Claiming for Accidents in Public Places

Everyday in Ireland, people suffer from accidents in public places. Examples of trip, slip and fall injuries occur at all privately and publicly owned places such as footpaths, wet floors, gyms, airports, restaurants, schools and parks. An accident like this can lead to serious injury, ongoing discomfort and in some cases it could lead to disability.

If you have been unfortunate enough to suffer an injury from an accident in a public place such as a park or public building, you may be able to pursue a personal injury claim. If your accident was the result of a slip, trip or fall in a public area which is owned by a local county council you can bring a claim against this local council. It is the duty of the local council or building owner to provide a safe environment for the users of the public place.

If you, or your child have been injured in an accident in a public area, keep a record of the event; and take photographs, names and home addresses of witnesses; keep evidence of doctors visits related to the incident and keep receipts for any injury related expenses as this will be needed to prove liability. There is a 2 year time limit to making a personal injury claim from the date of the accident, so it’s advisable to seek expert legal advice as soon as you think you may have a valid public place accident claim. It’s often easier to investigate your accident claim if you begin proceedings quickly. (Children have a longer time limit.
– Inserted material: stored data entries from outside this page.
(* Under the full-support assumption and with $\eta L<\tfrac12$, for every $t\ge1$, \[ \Theta_t-\Theta_{t+1}\ge C_1\max\{\hat K^{(t+1)},K^{(t+1)}\}^2,\qquad C_1=\frac{1-4\eta^2L^2}{(\sqrt2\,\eta L+2e^{2\eta L})^2}. \]
   Context: $\mathbb{A}$ finite, $\Delta(\mathbb{A})$ the simplex, $\bm P$ skew-symmetric, $L=\max_{a,a'}|P_{a,a'}|$. $\mathbb{M}$: Nash equilibria, i.e. ${\bm\pi}\in\Delta(\mathbb{A})$ with $\max_a(\bm P{\bm\pi})_a\le0$. Full-support assumption: every $a$ has some ${\bm\pi}\in\mathbb{M}$ with $\pi_a>0$. $p({\bm\pi})=\arg\min_{{\bm\pi}'\in\mathbb{M}}D_{\mathrm{KL}}({\bm\pi}'\|{\bm\pi})$ for positive ${\bm\pi}$. OMWU with $\eta>0$: $\hat{\bm\pi}^{(1)}$ positive, ${\bm\pi}^{(0)}=\hat{\bm\pi}^{(1)}$, for $t\ge1$ $\pi^{(t)}_a\propto\hat\pi^{(t)}_a e^{\eta(\bm P{\bm\pi}^{(t-1)})_a}$, $\hat\pi^{(t+1)}_a\propto\hat\pi^{(t)}_a e^{\eta(\bm P{\bm\pi}^{(t)})_a}$ (normalized). ${\bm\pi}^*=p(\hat{\bm\pi}^{(1)})$. $\Theta_t=D_{\mathrm{KL}}({\bm\pi}^*\|\hat{\bm\pi}^{(t)})+4\eta^2L^2D_{\mathrm{KL}}(\hat{\bm\pi}^{(t)}\|{\bm\pi}^{(t-1)})$. $K^{(t)}=\max_a\hat\pi^{(t)}_a|\eta(\bm P{\bm\pi}^{(t-1)})_a|$ (so $K^{(t+1)}=\max_a\hat\pi^{(t+1)}_a|\eta(\bm P{\bm\pi}^{(t)})_a|$), $\hat K^{(t+1)}=\max_a\hat\pi^{(t)}_a|\eta(\bm P{\bm\pi}^{(t)})_a|$. *)

From mathcomp Require Import all_boot all_order all_algebra.
From mathcomp Require Import all_classical all_reals all_analysis.
Set Implicit Arguments. Unset Strict Implicit. Unset Printing Implicit Defensive.
Import Order.TTheory GRing.Theory Num.Theory.
Local Open Scope ring_scope.

Section Defs.
Variables (R : realType) (A : finType).

Definition in_simplex (p : A -> R) : Prop :=
  (forall a, 0 <= p a) /\ \sum_a p a = 1.

Definition positive_dist (p : A -> R) : Prop :=
  in_simplex p /\ forall a, 0 < p a.

Definition Pmul (P : A -> A -> R) (p : A -> R) (a : A) : R :=
  \sum_b P a b * p b.

Definition skew_sym (P : A -> A -> R) : Prop := forall a b, P a b = - P b a.

Definition Lmax (P : A -> A -> R) : R :=
  \big[Num.max/0]_(a : A) \big[Num.max/0]_(b : A) `|P a b|.

Definition nash (P : A -> A -> R) (p : A -> R) : Prop :=
  in_simplex p /\ forall a, Pmul P p a <= 0.

Definition full_support (P : A -> A -> R) : Prop :=
  forall a, exists p, nash P p /\ 0 < p a.

(* KL divergence D_KL(p || q) = sum_a p_a ln (p_a / q_a)  (terms with p_a = 0 vanish) *)
Definition KL (p q : A -> R) : R := \sum_a p a * ln (p a / q a).
(* Let $k$ be a field, $D$ a $k$-algebra, $\sigma$ an automorphism of $D$, $a$ a central element of $D$, $A=D(x,y;\sigma,a)$ the generalized Weyl algebra, $m\geq1$ an integer, and $B$ the subalgebra of $A$ generated by $D\cup\{x^m,y^m\}$. Put $b=\sigma^{-(m-1)}(a)\sigma^{-(m-2)}(a)\cdots\sigma^{-1}(a)a$. Then $b$ is central in $D$, $B$ is the generalized Weyl algebra $D(x^m,y^m;\sigma^m,b)$ (with $x^m,y^m$ playing the roles of its canonical generators), and $\operatorname{GKdim}(A)=\operatorname{GKdim}(B)$.
   Context: $D(x,y;\sigma,a)$ denotes the algebra generated by $D$ and indeterminates $x,y$ subject to $xd=\sigma(d)x$, $yd=\sigma^{-1}(d)y$ for all $d\in D$, $yx=a$, $xy=\sigma(a)$. $\operatorname{GKdim}(C)=\sup_V\limsup_{n\to\infty}\log_n\dim_k(\sum_{i=0}^nV^i)$ over finite-dimensional subspaces $V$ of $C$. *)

From HB Require Import structures.
From mathcomp Require Import all_boot all_order all_algebra.
From mathcomp Require Import all_classical all_reals all_analysis.
Set Implicit Arguments. Unset Strict Implicit. Unset Printing Implicit Defensive.
Import Order.TTheory GRing.Theory Num.Theory.
Local Open Scope ring_scope.

Section GWA.
Variable k : fieldType.

(* Relations of D(x,y;s,a) inside A, where iota : D -> A is the structure map,
   s an automorphism of D with inverse s'. *)
Definition gwa_relations (D A : algType k) (iota : D -> A) (s s' : D -> D)
    (a : D) (x y : A) : Prop :=
  [/\ forall d, x * iota d = iota (s d) * x,
      forall d, y * iota d = iota (s' d) * y,
      y * x = iota a
    & x * y = iota (s a)].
See Children involved in Accidents.)

At Synnott Lawline Solicitors our dedicated team deals with claims for accidents in public places on a daily basis and we have extensive experience in successfully claiming for accidents in public places. Our focus is on keeping things clear and simple for our clients so they don’t have to worry.

Types of Public Place Claims we cover

  • Claims Against the Co. Council
  • Public Transport Accident Claims
  • Accident at Concert Claims
  • Restaurant Claims
  • Claims for Slips and Trips in Pub
  • Hotel Accident Claims
  • Flight Accident Claims >
  • Shopping Centre / Super Market Claims
  • Trips and Slips in Car Park Claims

Common Areas for Trips and Slips in a Public Place

  • Dangerous or cracked footpaths, Potholes & Tree roots
  • Defective rails or supports
  • Slippery surfaces
  • Restaurants, Pubs and Clubs
  • Supermarkets & shopping centres
  • Parks & Car Parks
  • Train & bus stations
  • Airports
  • Gym
  • Public roads
  • Universities / Schools

  • What are General Damages?

    General Damages in Personal Injury Cases for example; a Traffic Accident, are in place to compensate you for the impact the injury has and will have on your life. This includes pain and suffering mild or severe sustained from the injury. This pain can be physical but also physiological. Read more on Post Traumatic Stress Claims. The amount awarded will also be based on the impact of your injuries on your daily life such as short term or a permanent disability or disfigurement.  A further consideration for the compensation end figure includes what areas of the body were temporarily or permanently affected.

    Read More about General Damages

     

  • What are Special Damages?

    Special Damages consist of your out of pocket expenses such as Loss of earnings, Medical Expenses, Travelling expenses, Care hire etc.

    Read More about Special Damages

  • How to know if I have an Injury Claim

    Before accepting your instructions, we will have discussed your case with you and will have advised you of the strengths and weaknesses (if any) of your case. In many cases, it is very clear from the outset that an injured party will succeed in being fully compensated, for example, where the injury results from a motor accident when the client is a passenger, to give but one example. In some cases, the courts apportion liability, i.e. they rule in favour of the Plaintiff but make a deduction from the full value of the case on the basis of the Plaintiff’s “contributory negligence.”

  • What if I was partly to Blame for the Accident?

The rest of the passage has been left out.